Challenges for data professionals
For the data professional, the challenge is to work out what decisions your Executives need to make. What outcome are they seeking, and which business questions do they need to answer to reach these outcomes? To build a data-driven business you need:
- To provide the right data, and;
- Make it available in the right place,
- At the right time,
- With trust in the quality, and;
- Consistency in meaning across enterprise silos.
This is a major challenge. To deliver on the promise of the bullets listed above, you first need to understand the overall strategic direction of the company. Secondly, you can unpick the major decisions that must be made. Lastly, you can start to identify the data needed to support these decisions.
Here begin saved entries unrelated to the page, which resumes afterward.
Lemma filterT F : is_filter F -> F \top%O.
Proof. by case. Qed.

Lemma filterS F a b : is_filter F -> (a <= b)%O -> F a -> F b.
Proof. by case=> _ up _ ab /up; apply. Qed.

Lemma filterI F a b : is_filter F -> F a -> F b -> F (a `&` b)%O.
Proof. by case=> _ _; apply. Qed.

Lemma filter_compl F a c : is_filter F -> F c -> (c `&` a <= \bot)%O -> F (~` a)%O.
Proof. by move=> fF Fc; rewrite lex0 disj_leC => /filterS; apply. Qed.

Lemma proper_filterP F : is_filter F -> proper_filter F <-> ~ F \bot%O.
Proof.
move=> fF; split=> [[_ FT] Fbot|Fnbot].
  by apply: FT; apply/seteqP; split=> // x _; exact: filterS fF (le0x x) Fbot.
by split=> // FT; apply: Fnbot; rewrite FT.
Qed.

Definition adjoin F a : set A := [set x | exists2 c, F c & (c `&` a <= x)%O].

Lemma adjoin_filter F a : is_filter F -> is_filter (adjoin F a).
Proof.
move=> fF; split.
- by exists \top%O; [exact: filterT | exact: lex1].
- by move=> x y [c Fc cx] xy; exists c => //; apply: le_trans xy.
- move=> x y [c Fc cx] [c' Fc' cy]; exists (c `&` c')%O; first exact: filterI.
  by rewrite -[a]meetxx meetACA; apply: leI2.
Qed.

Lemma sub_adjoin F a : F `<=` adjoin F a.
Proof. by move=> x Fx; exists x => //; apply: leIl. Qed.

Lemma adjoin_mem F a : is_filter F -> adjoin F a a.
Proof. by move=> fF; exists \top%O; [exact: filterT | rewrite meet1x]. Qed.

Lemma ultrafilter_filter u : ultrafilter u -> is_filter u.
Proof. by case=> [[]]. Qed.

Lemma ultrafilter_bot u : ultrafilter u -> ~ u \bot%O.
Proof. by case=> [[fu ?] _]; apply/proper_filterP. Qed.

Lemma ultrafilterC u a : ultrafilter u -> u (~` a)%O <-> ~ u a.
Proof.
move=> uu; have fu := ultrafilter_filter uu; split=> [uCa ua|nua].
  by apply: (ultrafilter_bot uu); rewrite -(meetxC a); apply: filterI.
have fua := adjoin_filter a fu.
have [pua|] := pselect (proper_filter (adjoin u a)).
  by case: nua; rewrite -(proj2 uu _ pua (@sub_adjoin u a)); apply: adjoin_mem.
move/(proper_filterP fua)/contrapT => [c uc]; exact: filter_compl.
Qed.

Lemma ultrafilterU u a b : ultrafilter u -> u (a `|` b)%O -> u a \/ u b.
Proof.
move=> uu uab; apply: contrapT => /not_orP[].
move=> /(ultrafilterC _ uu) uCa /(ultrafilterC _ uu) uCb.
have := filterI (ultrafilter_filter uu) uCa uCb.
by rewrite -complU => /(ultrafilterC _ uu).
Qed.

Lemma filterU_bigcup_chain F (K : set (set A)) :
  is_filter F -> (forall X, K X -> is_filter (F `|` X)) -> total_on K subset ->
  is_filter (F `|` \bigcup_(X in K) X).
Proof.
move=> fF fK Ktot; set B := \bigcup_(X in K) X.
have FXB X : K X -> F `|` X `<=` F `|` B by move=> KX; apply/setUS/bigcup_sup.
have common x y : (F `|` B) x -> (F `|` B) y ->
    exists2 G, is_filter G /\ G `<=` F `|` B & G x /\ G y.
  move=> [Fx|[X KX Xx]] [Fy|[Y KY Yy]].
  - by exists F; split=> //; apply: subsetUl.
  - by exists (F `|` Y); split; [exact: fK | exact: FXB | left | right].
  - by exists (F `|` X); split; [exact: fK | exact: FXB | right | left].
  - have [XY|YX] := Ktot _ _ KX KY.
      by exists (F `|` Y); split; [exact: fK | exact: FXB | right; apply: XY | right].
    by exists (F `|` X); split; [exact: fK | exact: FXB | right | right; apply: YX].
split; first by left; apply: filterT.
- move=> x y /[dup] Fx /(common x x Fx) [G [fG GFB] [Gx _]] xy.
  exact/GFB/(filterS fG xy).
- move=> x y Fx Fy; have [G [fG GFB] [Gx Gy]] := common x y Fx Fy.
  exact/GFB/(filterI fG).
Qed.

Lemma ultrafilter_ext F : is_filter F -> ~ F \bot%O ->
  exists2 u, ultrafilter u & F `<=` u.
Proof.
move=> fF nFbot.
(* Zorn is applied to the X such that F `|` X is a proper filter, rather than
   to the proper filters containing F, so that the empty chain is harmless. *)
pose P := [set X | is_filter (F `|` X) /\ ~ (F `|` X) \bot%O].
have [|M [[fFM nFMbot] Mmax]] := @Zorn_bigcup _ P.
  move=> K KP Ktot; split; first by apply: filterU_bigcup_chain => // X /KP[].
  by case=> [//|[X /KP[_ nFXbot] Xbot]]; apply: nFXbot; right.
exists (F `|` M); last exact: subsetUl.
split; first exact/proper_filterP.
move=> G /[dup] pG [fG _] FMG.
have FG : F `|` G = G by apply/setUidr/(subset_trans _ FMG)/subsetUl.
apply/seteqP; split=> // x Gx; right; apply: contrapT => nMx.
apply: (Mmax G); first by split=> [y My|GM]; [apply/FMG; right | exact/nMx/GM].
by split; rewrite FG //; apply/(proper_filterP fG).
Qed.

Lemma ultrafilter_avoid F a : is_filter F -> ~ F a ->
  exists u, [/\ ultrafilter u, F `<=` u & ~ u a].
Proof.
move=> fF nFa; have fFa := adjoin_filter (~` a)%O fF.
have [|u uu Fau] := ultrafilter_ext fFa.
  by case=> c Fc /(filter_compl fF Fc); rewrite complK.
exists u; split=> //; first by move=> x /sub_adjoin /Fau.
by apply/(ultrafilterC _ uu)/Fau/adjoin_mem.
Qed.

End Filters.

Section StoneSpace.
Context {d : Order.disp_t} (A : ctbDistrLatticeType d).
Implicit Types (a b c : A) (D F : set A) (Y O : set (Ul A)).

Lemma Ul_ultrafilter (w : Ul A) : ultrafilter (sval w).
Proof. exact: proj2_sig. Qed.

Lemma Ul_filter (w : Ul A) : is_filter (sval w).
Proof. exact/ultrafilter_filter/Ul_ultrafilter. Qed.

Lemma phiC a : phi (~` a)%O = ~` phi a.
Proof. by apply/seteqP; split=> w; case: (ultrafilterC a (Ul_ultrafilter w)). Qed.

Lemma phiS a b : (a <= b)%O -> phi a `<=` phi b.
Proof. by move=> ab w; apply: filterS (Ul_filter w) ab. Qed.

Lemma phiI a b : phi (a `&` b)%O = phi a `&` phi b.
Proof.
apply/seteqP; split=> [w wab|w [wa wb]]; last exact: filterI (Ul_filter w) wa wb.
by split; apply: phiS wab; [apply: leIl | apply: leIr].
Qed.

Lemma phiU a b : phi (a `|` b)%O = phi a `|` phi b.
Proof.
apply/seteqP; split=> [w /(ultrafilterU (Ul_ultrafilter w))//|w].
by case; apply: phiS; [apply: leUl | apply: leUr].
Qed.

Lemma phi0 : phi (\bot%O : A) = set0.
Proof. by apply/seteqP; split=> // w /(ultrafilter_bot (Ul_ultrafilter w)). Qed.

Lemma phiT : phi (\top%O : A) = setT.
Proof. by apply/seteqP; split=> // w _; apply: filterT (Ul_filter w). Qed.

Lemma phiF_closed F : stone_closed (phiF F).
Proof.
move=> w /nonsubset[c [Fc nwc]]; exists (~` c)%O; rewrite phiC; split=> // v nvc.
by apply: contra_not nvc; apply.
Qed.

Lemma phiF_sub_phi F a : is_filter F -> phiF F `<=` phi a -> F a.
Proof.
move=> fF Fa; apply: contrapT => nFa.
have [u [uu Fu nua]] := ultrafilter_avoid fF nFa.
exact/nua/(Fa (exist _ u uu)).
Qed.

Definition clopen_nbhs Y : set A := [set a | Y `<=` phi a].

Lemma clopen_nbhs_filter Y : is_filter (clopen_nbhs Y).
Proof.
split=> [|a b Ya ab|a b Ya Yb]; first by rewrite /clopen_nbhs /= phiT.
- exact: subset_trans Ya (phiS ab).
- by rewrite /clopen_nbhs /= phiI => y Yy; split; [apply: Ya | apply: Yb].
Qed.

Lemma phiF_clopen_nbhs Y : stone_closed Y -> phiF (clopen_nbhs Y) = Y.
Proof.
move=> cY; apply/seteqP; split=> [w wY|y Yy a Ya]; last exact: Ya.
apply: contrapT => nYw; have [a [wa aY]] := cY w nYw.
have /wY : clopen_nbhs Y (~` a)%O by rewrite /clopen_nbhs /= phiC => y Yy /aY.
by move/(ultrafilterC _ (Ul_ultrafilter w)).
Qed.

Lemma Ul_val_inj : injective (fun w : Ul A => sval w).
Proof. by move=> [w uw] [v uv] /= wv; apply: eq_exist. Qed.

Lemma Ul_separate (w v : Ul A) : w <> v -> exists a, phi a w /\ ~ phi a v.
Proof.
move=> wv; apply: contrapT => /forallNP nsep; apply/wv/Ul_val_inj/esym.
apply: (proj2 (Ul_ultrafilter w) _ (proj1 (Ul_ultrafilter v))) => a wa.
by apply: contrapT => nva; apply: (nsep a).
Qed.

Lemma stone_closed1 (v : Ul A) : stone_closed [set v].
Proof.
move=> w wv; have [a [wa nva]] := Ul_separate wv.
by exists a; split=> // x xa /= xv; apply: nva; rewrite -xv.
Qed.

Definition avoiding D O : set A :=
  [set x | exists b c, [/\ D b, phi c `<=` O & (b `&` ~` c <= x)%O]].

Lemma avoiding_filter D O : is_filter D -> is_filter (avoiding D O).
Proof.
move=> fD; split=> [|x y [b [c [Db cO bcx]]] xy|].
- exists \top%O, \bot%O; split; [exact: filterT | by rewrite phi0 | exact: lex1].
- by exists b, c; split=> //; apply: le_trans xy.
move=> x y [b [c [Db cO bcx]]] [b' [c' [Db' c'O bcy]]].
exists (b `&` b')%O, (c `|` c')%O; split; first exact: filterI.
  by rewrite phiU => w [/cO|/c'O].
by rewrite complU meetACA; apply: leI2.
Qed.

(* If no b in D had phi b inside O, then avoiding D O would be proper, and
   an ultrafilter extending it would lie in phiF D but outside O. *)
Lemma compact_phiF D O : is_filter D -> stone_open O -> phiF D `<=` O ->
  exists2 b, D b & phi b `<=` O.
Proof.
move=> fD oO DO; apply: contrapT => nDO.
have nbot : ~ avoiding D O \bot%O.
  move=> [b [c [Db cO]]]; rewrite lex0 disj_leC complK => bc.
  by apply: nDO; exists b => //; apply: subset_trans (phiS bc) cO.
have [w uw avw] := ultrafilter_ext (avoiding_filter O fD) nbot.
have Dw : D `<=` w.
  by move=> b Db; apply: avw; exists b, \bot%O; split; rewrite ?phi0 ?compl0 ?meetx1.
have [c [wc cO]] := oO (exist _ w uw) (DO (exist _ w uw) Dw).
have wCc : w (~` c)%O.
  by apply: avw; exists \top%O, c; split; rewrite ?meet1x //; apply: filterT.
exact: (iffLR (ultrafilterC c uw) wCc wc).
Qed.

End StoneSpace.

Section PiExtension.
Context {d : Order.disp_t} (A : ctbDistrLatticeType d) (imp : A -> A -> A).
Implicit Types (a b c : A) (X F : set A) (U V : set (Ul A)).

Lemma impT_conditional_algebra :
  conditional_algebra (impT imp : set (Ul A) -> set (Ul A) -> set (Ul A)).
Proof.
split=> [U|U V W|U V W].
- by apply/seteqP; split.
- apply/seteqP; split=> [u [uV uW] Z ZU v Tv|u uVW].
    by split; [apply: uV ZU v Tv | apply: uW ZU v Tv].
  by split=> Z ZU v Tv; have [] := uVW Z ZU v Tv.
- apply/subsetPset => u uUV; split=> Z ZU; apply: uUV;
    apply: subset_trans ZU _; [exact: subsetUl | exact: subsetUr].
Qed.

Lemma pi_ext_sub_impT U V : pi_ext imp U V `<=` impT imp U V.
Proof.
move=> u piu Z ZU v [F [fF ZF DFv]]; rewrite {Z}ZF in ZU.
apply: contrapT => nVv.
have VO : V `<=` ~` [set v] by move=> w Vw wv; apply: nVv; rewrite -wv.
have [a [b [Fa bO uab]]] :=
  piu _ _ (phiF_closed (F := F)) ZU (stone_closed1 (v := v)) VO.
by apply: (bO v) => //; apply: DFv; exists a => //; apply: phiF_sub_phi Fa.
Qed.

Hypothesis cA : conditional_algebra imp.

Lemma le_impr a b c : (b <= c)%O -> (imp a b <= imp a c)%O.
Proof. by case: cA => _ impI _ bc; rewrite -(meet_idPl bc) -impI leIr. Qed.

Lemma le_impl a a' c : (a <= a')%O -> (imp a' c <= imp a c)%O.
Proof.
case: cA => _ _ impU aa'; rewrite -(join_idPr aa').
exact: le_trans (impU _ _ _) (leIl _ _).
Qed.

Lemma Dimp_filter X F : is_filter X -> is_filter F -> is_filter (Dimp imp X F).
Proof.
case: cA => imp1 impI _ fX fF.
split=> [|b c [a Fa Xab] bc|b c [a Fa Xab] [a' Fa' Xa'c]].
- by exists \top%O; rewrite ?imp1; apply: filterT.
- by exists a => //; apply: filterS fX (le_impr a bc) Xab.
- exists (a `&` a')%O; first exact: filterI.
  rewrite -impI; apply: (filterI fX).
  + by apply: filterS fX (le_impl b (leIl a a')) Xab.
  + by apply: filterS fX (le_impl c (leIr a' a)) Xa'c.
Qed.

Lemma impT_sub_pi_ext U V : impT imp U V `<=` pi_ext imp U V.
Proof.
move=> u Tu Y O cY YU oO VO.
have fY := clopen_nbhs_filter Y.
have YZU : phiF (clopen_nbhs Y) `<=` U by rewrite phiF_clopen_nbhs.
have DO : phiF (Dimp imp (sval u) (clopen_nbhs Y)) `<=` O.
  by move=> w wD; apply/VO/(Tu _ YZU); exists (clopen_nbhs Y).
have [b [a Ya uab] bO] := compact_phiF (Dimp_filter (Ul_filter u) fY) oO DO.
by exists a, b.
Qed.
Depending on the organisation you work in, you might need to build a data governance function to then ensure that data is fit-for-purpose through time.
What are the benefits of being data-driven?
Companies in the top third of their industry in the use of data-driven decision making were, on average, 5% more productive and 6% more profitable than their competitors.
“Insights driven” public companies grow at 27% year on year.
Using customer analytics heavily makes you more likely to outperform your competitors, according to McKinsey. Being data-driven makes you 23x more likely to acquire customers, 6x more likely to retain those customers and 19x more likely to be profitable as a result.
The gap between the leaders and the laggards is wide and continues to grow. High performing organisations say their data and analytics investments have contributed 20% to earnings over the past three years.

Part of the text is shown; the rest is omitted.